By Staff | Sep 14, 2010

Lee County commissioners unanimously voted in favor of replacing the Ceitus Boat lift/barrier on Tuesday, a move that came as a surprise to Cape Coral CouncilmemberPete Brandt who said he expected support on the county level.
Cape Coral City council voted to support the NEB – or Net Ecosystem Benefit- projects Monday night with a 6 – 2 vote.
“I¹m kind of disappointed,” Brandt said. “I thought for sure we had their support.”
Lee County and the city were two of the 20 “stakeholders” who have tried for more than two years to devise a mitigation plan for the area.
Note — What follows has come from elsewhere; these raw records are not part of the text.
(* Let $T$ be a finite rooted tree in which every inner node has at least two children, with node set $V$ and leaf set $L$. Let $A,B$ be two disjoint subsets of $L$ and let $S,S'\subseteq V\setminus L$. If $(A,B)$ identifies both $S$ and $S'$, then $S=S'$.
   Context: A pair $(\pi,\sigma)$ of injective maps from $S\subseteq V\setminus L$ to $L$ identifies $S$ if for each $s\in S$, $s$ is the least common ancestor of $\pi(s)$ and $\sigma(s)$ (every node is its own ancestor). For $s\in S$, a node $x$ is $s$-requested in $(\pi,\sigma)$ if $x$ lies on the path of $T$ from $\pi(s)$ to $\sigma(s)$; the pair has unique request if every node is $s$-requested for at most one $s\in S$. A pair $(A,B)$ of disjoint subsets of $L$ identifies $S$ if there is a pair $(\pi,\sigma)$ of injective maps $S\to L$ identifying $S$ with unique request such that $\pi(S)=A$ and $\sigma(S)=B$. *)

From mathcomp Require Import all_boot.
Set Implicit Arguments. Unset Strict Implicit. Unset Printing Implicit Defensive.

Definition rooted_tree (T : finType) (r : T) (par : T -> T) : Prop :=
  par r = r /\ forall x : T, exists k, iter k par x = r.

(* x is an ancestor of y (every node is its own ancestor). *)
Definition ancestor (T : finType) (par : T -> T) (x y : T) : Prop :=
  exists k, iter k par y = x.

Definition children (T : finType) (r : T) (par : T -> T) (x : T) : {set T} :=
  [set y | (par y == x) && (y != x)].

Definition leaves (T : finType) (r : T) (par : T -> T) : {set T} :=
  [set x | children r par x == set0].

Definition inner_branching (T : finType) (r : T) (par : T -> T) : Prop :=
  forall x : T, x \notin leaves r par -> 2 <= #|children r par x|.

Definition is_lca (T : finType) (par : T -> T) (s a b : T) : Prop :=
  ancestor par s a /\ ancestor par s b /\
  forall z, ancestor par z a -> ancestor par z b -> ancestor par z s.

(* x lies on the tree path between a and b *)
Definition on_path (T : finType) (par : T -> T) (a b x : T) : Prop :=
  (ancestor par x a \/ ancestor par x b) /\
  forall z, ancestor par z a -> ancestor par z b -> ancestor par z x.

(* (pi, sigma) : S -> L injective, identifying S, with unique request *)
Definition pair_identifies (T : finType) (r : T) (par : T -> T)
    (pi sigma : T -> T) (S : {set T}) : Prop :=
  {in S, forall s, pi s \in leaves r par} /\
  {in S, forall s, sigma s \in leaves r par} /\
  {in S &, injective pi} /\ {in S &, injective sigma} /\
  {in S, forall s, is_lca par s (pi s) (sigma s)} /\
  (forall x s1 s2, s1 \in S -> s2 \in S ->
        on_path par (pi s1) (sigma s1) x -> on_path par (pi s2) (sigma s2) x ->
        s1 = s2).

Definition sets_identify (T : finType) (r : T) (par : T -> T)
    (A B S : {set T}) : Prop :=
  exists pi sigma : T -> T,
    pair_identifies r par pi sigma S /\ pi @: S = A /\ sigma @: S = B.

From mathcomp Require Import all_boot zify.
Set Implicit Arguments. Unset Strict Implicit. Unset Printing Implicit Defensive.

(* Unique request means that the edge from a node c to its parent lies on the
   path of at most one s in S; hence |A ∩ T_c| - |B ∩ T_c|, where T_c is the
   subtree below c, is nonzero exactly when one identifying path leaves T_c.
   The path of s leaves the subtrees of the two children of s towards pi(s)
   and sigma(s); conversely, if the edges above two distinct children of v are
   both crossed, they are crossed by the same path, whose top is v.  So S is
   the set of nodes having two children with unbalanced subtrees, which
   depends on (A, B) only. *)

Lemma cards_neq_symdiff (T : finType) (P Q : {set T}) :
  #|(P :\: Q) :|: (Q :\: P)| <= 1 ->
  (#|P| != #|Q|) = ((P :\: Q) :|: (Q :\: P) != set0).
Proof.
have disjPQ : (P :\: Q) :&: (Q :\: P) = set0.
  by apply/setP => x; rewrite !inE; case: (x \in P); case: (x \in Q).
rewrite -cards_eq0 cardsU disjPQ cards0 subn0.
rewrite -(cardsID Q P) -(cardsID P Q) setIC; lia.
Qed.

Lemma card_imsetI (aT rT : finType) (f : aT -> rT) (D : {set aT}) (B : {set rT}) :
  {in D &, injective f} -> #|f @: D :&: B| = #|[set x in D | f x \in B]|.
Proof.
move=> injf; rewrite -(@card_in_imset _ _ f) => [|x y]; last first.
  by rewrite !inE => /andP[xD _] /andP[yD _]; apply: injf.
apply: eq_card => y; rewrite inE; apply/andP/imsetP.
- by case=> /imsetP[x xD ->] fxB; exists x; rewrite // inE xD.
- by case=> x; rewrite inE => /andP[xD fxB] ->; rewrite imset_f.
Qed.

Section Ancestors.
Variables (T : finType) (r : T) (par : T -> T).
Local Notation anc := (ancestor par).

Lemma ancestorP x y : reflect (anc x y) (fconnect par y x).
Proof.
apply: (iffP idP) => [/iter_findex <-|[k <-]]; last exact: fconnect_iter.
by exists (findex par y x).
Qed.

Lemma ancestor_par x : anc (par x) x. Proof. by exists 1. Qed.

Lemma ancestor_trans y x z : anc x y -> anc y z -> anc x z.
Proof. by move=> [m <-] [k <-]; exists (m + k); rewrite iterD. Qed.

Lemma ancestor_total x z y : anc x y -> anc z y -> anc x z \/ anc z x.
Proof.
move=> [k <-] [m <-]; case: (leqP k m) => [le_km|/ltnW le_mk].
- by right; exists (m - k); rewrite -iterD subnK.
- by left; exists (k - m); rewrite -iterD subnK.
Qed.

Lemma ancestor_par_strict z c : anc z c -> z <> c -> anc z (par c).
Proof. by move=> [[|k] <-] // _; exists k; rewrite iterSr. Qed.

Lemma child_toward x y : anc x y -> x <> y ->
  exists2 c, c \in children r par x & anc c y.
Proof.
move=> [k]; elim: k y => [|k IHk] y /= def_x neq_xy; first by case: neq_xy.
have [eq_kx|neq_kx] := eqVneq (iter k par y) x; first exact: IHk.
by exists (iter k par y); [rewrite inE def_x eqxx | exists k].
Qed.

End Ancestors.

Section RootedTree.
Variables (T : finType) (r : T) (par : T -> T).
Hypothesis tree : rooted_tree r par.
Local Notation anc := (ancestor par).

Lemma iter_par_root k : iter k par r = r.
Proof. by case: tree => par_r _; elim: k => //= k ->. Qed.

Lemma periodic_is_root n x : 0 < n -> iter n par x = x -> x = r.
Proof.
move=> n_gt0 periodic; case: tree => _ /(_ x) [k reach_r].
have iter_mul j : iter (j * n) par x = x.
  by elim: j => // j IHj; rewrite mulSn iterD IHj periodic.
by rewrite -(iter_mul k) -(subnK (leq_pmulr k n_gt0)) iterD reach_r iter_par_root.
Qed.

Lemma ancestor_antisym x y : anc x y -> anc y x -> x = y.
Proof.
move=> [[|a] iter_a] [b iter_b]; first by rewrite -iter_a.
have /periodic_is_root eq_xr : iter (a.+1 + b) par x = x by rewrite iterD iter_b.
by move: iter_b; rewrite eq_xr // iter_par_root.
Qed.

Lemma child_not_ancestor c x : c \in children r par x -> ~ anc c x.
Proof.
rewrite inE => /andP[/eqP par_c /eqP neq_cx] anc_cx.
by apply: neq_cx; apply: ancestor_antisym anc_cx _; rewrite -par_c; apply: ancestor_par.
Qed.

Lemma children_disjoint_descendants c1 c2 x y :
  c1 \in children r par x -> c2 \in children r par x ->
  anc c1 y -> anc c2 y -> c1 = c2.
Proof.
move=> ch1 ch2 anc1 anc2.
wlog anc12 : c1 c2 ch1 ch2 anc1 anc2 / anc c1 c2.
  by move=> sym; case: (ancestor_total anc1 anc2) => [|/sym-> //]; apply: sym.
have [//|/eqP neq12] := eqVneq c1 c2; case: (child_not_ancestor ch1).
move: ch2; rewrite inE => /andP[/eqP <- _]; exact: ancestor_par_strict.
Qed.

End RootedTree.

Section Separation.
Variables (T : finType) (r : T) (par : T -> T).
Local Notation anc := (ancestor par).

Definition descendants (c : T) : {set T} := [set y | fconnect par y c].

Definition separates (c a b : T) : bool :=
  (a \in descendants c) != (b \in descendants c).

Lemma separates_sym c a b : separates c a b = separates c b a.
Proof. by rewrite /separates eq_sym. Qed.

Lemma mem_descendants c y : reflect (anc c y) (y \in descendants c).
Proof. by rewrite inE; apply: ancestorP. Qed.

Lemma separatesP c a b : separates c a b ->
  (anc c a /\ ~ anc c b) \/ (anc c b /\ ~ anc c a).
Proof.
rewrite /separates.
by case: mem_descendants => ca; case: mem_descendants => cb //= _; [left|right].
Qed.

Lemma separatesI c a b : anc c a -> ~ anc c b -> separates c a b.
Proof. by rewrite /separates => /mem_descendants-> /mem_descendants/negbTE->. Qed.

Lemma is_lca_sym s a b : is_lca par s a b -> is_lca par s b a.
Proof.
by case=> sa [sb lca_s]; split; last split=> // z zb za; last apply: lca_s.
Qed.

Lemma on_path_sym a b x : on_path par a b x -> on_path par b a x.
Proof.
by case=> ab_x lca_x; split=> [|z zb za]; [case: ab_x; by [right|left] | apply: lca_x].
Qed.

Lemma on_path_separates c a b : separates c a b -> on_path par a b (par c).
Proof.
move=> sep; wlog [ca not_cb] : a b {sep} / anc c a /\ ~ anc c b.
  by move=> sym; case/separatesP: sep => /sym // /on_path_sym.
split=> [|z za zb]; first by left; apply: ancestor_trans (ancestor_par par c) ca.
case: (ancestor_total za ca) => [zc|cz]; last by case: not_cb; apply: ancestor_trans zb.
by apply: ancestor_par_strict zc _ => eq_zc; case: not_cb; rewrite -eq_zc.
Qed.

Lemma lca_above_separating s c a b :
  is_lca par s a b -> separates c a b -> anc s (par c).
Proof.
move=> lca_s sep; wlog [ca not_cb] : a b lca_s {sep} / anc c a /\ ~ anc c b.
  by move=> sym; case/separatesP: sep => /sym; apply=> //; apply: is_lca_sym.
case: lca_s => sa [sb _]; case: (ancestor_total sa ca) => [sc|cs].
  by apply: ancestor_par_strict sc _ => eq_sc; case: not_cb; rewrite -eq_sc.
by case: not_cb; apply: ancestor_trans sb.
Qed.

Hypothesis tree : rooted_tree r par.

Lemma child_ancestor c v y : c \in children r par v -> anc c y -> anc v y.
Proof.
by rewrite inE => /andP[/eqP <- _]; apply: ancestor_trans (ancestor_par par c).
Qed.

Lemma parent_of_separating_children v c1 c2 a b :
  c1 \in children r par v -> c2 \in children r par v -> c1 != c2 ->
  separates c1 a b -> separates c2 a b -> anc v a /\ anc v b.
Proof.
move=> ch1 ch2 /eqP neq12 sep1 sep2.
wlog [c1a not_c1b] : a b sep1 sep2 / anc c1 a /\ ~ anc c1 b.
  move=> sym; case/separatesP: (sep1) => [c1ab|c1ba]; first exact: sym.
  by case: (sym b a) => //; rewrite separates_sym.
have c2b : anc c2 b.
  case/separatesP: sep2 => [[c2a _]|[//]].
  by case: neq12; apply: (children_disjoint_descendants tree) ch1 ch2 c1a c2a.
by split; [apply: child_ancestor ch1 c1a | apply: child_ancestor ch2 c2b].
Qed.

Lemma lca_at_separating_children s v c1 c2 a b :
  is_lca par s a b -> c1 \in children r par v -> c2 \in children r par v ->
  c1 != c2 -> separates c1 a b -> separates c2 a b -> s = v.
Proof.
move=> lca_s ch1 ch2 neq12 sep1 sep2; apply: (ancestor_antisym tree).
  have := lca_above_separating lca_s sep1.
  by move: ch1; rewrite inE => /andP[/eqP ->].
case: (parent_of_separating_children ch1 ch2 neq12 sep1 sep2) => va vb.
by case: lca_s => _ [_]; apply.
Qed.

Lemma lca_separating_child v a b : is_lca par v a b -> v <> a ->
  exists2 c, c \in children r par v & anc c a /\ ~ anc c b.
Proof.
case=> va [vb lca_v] neq_va; have [c ch ca] := child_toward r va neq_va.
by exists c => //; split=> // cb; apply: (child_not_ancestor tree ch); apply: lca_v.
Qed.

End Separation.

Definition imbalanced (T : finType) (par : T -> T) (A B : {set T}) (c : T) :=
  #|A :&: descendants par c| != #|B :&: descendants par c|.

Definition doubly_imbalanced (T : finType) (r : T) (par : T -> T) (A B : {set T}) :=
  [set v | [exists c1, exists c2, [&& c1 \in children r par v, c2 \in children r par v,
     c1 != c2, imbalanced par A B c1 & imbalanced par A B c2]]].

Section Identification.
Variables (T : finType) (r : T) (par : T -> T) (pi sigma : T -> T) (S : {set T}).
Hypotheses (tree : rooted_tree r par) (ident : pair_identifies r par pi sigma S).

Definition crossing c := [set s in S | separates par c (pi s) (sigma s)].

Lemma crossing_card_le1 c : #|crossing c| <= 1.
Proof.
apply/card_le1_eqP => s1 s2; rewrite !inE => /andP[s1S sep1] /andP[s2S sep2].
case: ident => _ [_ [_ [_ [_ unique_request]]]].
by apply: (unique_request (par c)) => //; apply: on_path_separates.
Qed.

Lemma crossing_neq0 c :
  (crossing c != set0) = imbalanced par (pi @: S) (sigma @: S) c.
Proof.
case: ident => _ [_ [inj_pi [inj_sigma _]]].
pose below f := [set s in S | f s \in descendants par c].
have symdiffE : below pi :\: below sigma :|: (below sigma :\: below pi) = crossing c.
  apply/setP => s; rewrite !inE /separates !inE.
  by case: (s \in S); case: (fconnect par (pi s) c); case: (fconnect par (sigma s) c).
by rewrite /imbalanced !card_imsetI // cards_neq_symdiff symdiffE ?crossing_card_le1.
Qed.

Hypothesis inner : S \subset ~: leaves r par.

Lemma identified_doubly_imbalanced :
  S = doubly_imbalanced r par (pi @: S) (sigma @: S).
Proof.
case: ident => leaf_pi [leaf_sigma [_ [_ [lca unique_request]]]].
apply/setP => v; rewrite inE; apply/idP/existsP => [vS|[c1 /existsP[c2]]].
  have not_leaf u : u \in leaves r par -> v <> u.
    by move=> leaf_u eq_vu; move: (subsetP inner v vS); rewrite inE eq_vu leaf_u.
  have [c1 ch1 [c1a not_c1b]] :=
    lca_separating_child tree (lca v vS) (not_leaf _ (leaf_pi v vS)).
  have [c2 ch2 [c2b not_c2a]] :=
    lca_separating_child tree (is_lca_sym (lca v vS)) (not_leaf _ (leaf_sigma v vS)).
  exists c1; apply/existsP; exists c2; rewrite ch1 ch2 -!crossing_neq0 /=.
  apply/and3P; split; first by apply/eqP => eq12; apply: not_c2a; rewrite -eq12.
    by apply/set0Pn; exists v; rewrite inE vS separatesI.
  by apply/set0Pn; exists v; rewrite inE vS separates_sym separatesI.
rewrite -!crossing_neq0 => /and5P[ch1 ch2 neq12 /set0Pn[s1 cross1] /set0Pn[s2 cross2]].
move: cross1 cross2; rewrite !inE => /andP[s1S sep1] /andP[s2S sep2].
have path_v (c s : T) : c \in children r par v -> separates par c (pi s) (sigma s) ->
    on_path par (pi s) (sigma s) v.
  by rewrite inE => /andP[/eqP <- _]; apply: on_path_separates.
have eq_s12 : s1 = s2.
  by apply: (unique_request v) => //; [apply: path_v ch1 sep1 | apply: path_v ch2 sep2].
subst s2; have lca_s1 := lca s1 s1S.
by rewrite -(lca_at_separating_children tree lca_s1 ch1 ch2 neq12 sep1 sep2).
Qed.

End Identification.

Lemma identified_setE (T : finType) (r : T) (par : T -> T) (A B S : {set T}) :
  rooted_tree r par -> S \subset ~: leaves r par -> sets_identify r par A B S ->
  S = doubly_imbalanced r par A B.
Proof.
by move=> tree inner [pi [sigma [ident [<- <-]]]]; apply: identified_doubly_imbalanced.
Qed.

Theorem lemma3p6 (T : finType) (r : T) (par : T -> T)
  (A B S S' : {set T}) :
  rooted_tree r par -> inner_branching r par ->
  A \subset leaves r par -> B \subset leaves r par -> [disjoint A & B] ->
  S \subset ~: leaves r par -> S' \subset ~: leaves r par ->
  sets_identify r par A B S -> sets_identify r par A B S' ->
  S = S'.
Proof.
move=> tree _ _ _ _ inner inner' ident ident'.
by rewrite (identified_setE tree inner ident) (identified_setE tree inner' ident').
Qed.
The Northwest Spreader Ecosystem Management Agreement, or NSEMA, process combined public and private entities for that purpose, but little consensus was derived and participating groups and organizations often locked horns.
A majority of the stakeholders have already voted in favor of replacing the barrier, virtually bringing the process back to where it began.
Now the participating groups will likely lock horns in court, and any real action for the spreader will be delayed for years.
Rhonda Hague of the Florida Department of Environmental Protection said Tuesday the barrier will not be replaced until things are settled in court.
“There will probably be litigation,” Hague said.
Commissioner John Manning said he didn’t think the state would fight replacing the structure, which was removed by the city after it failed.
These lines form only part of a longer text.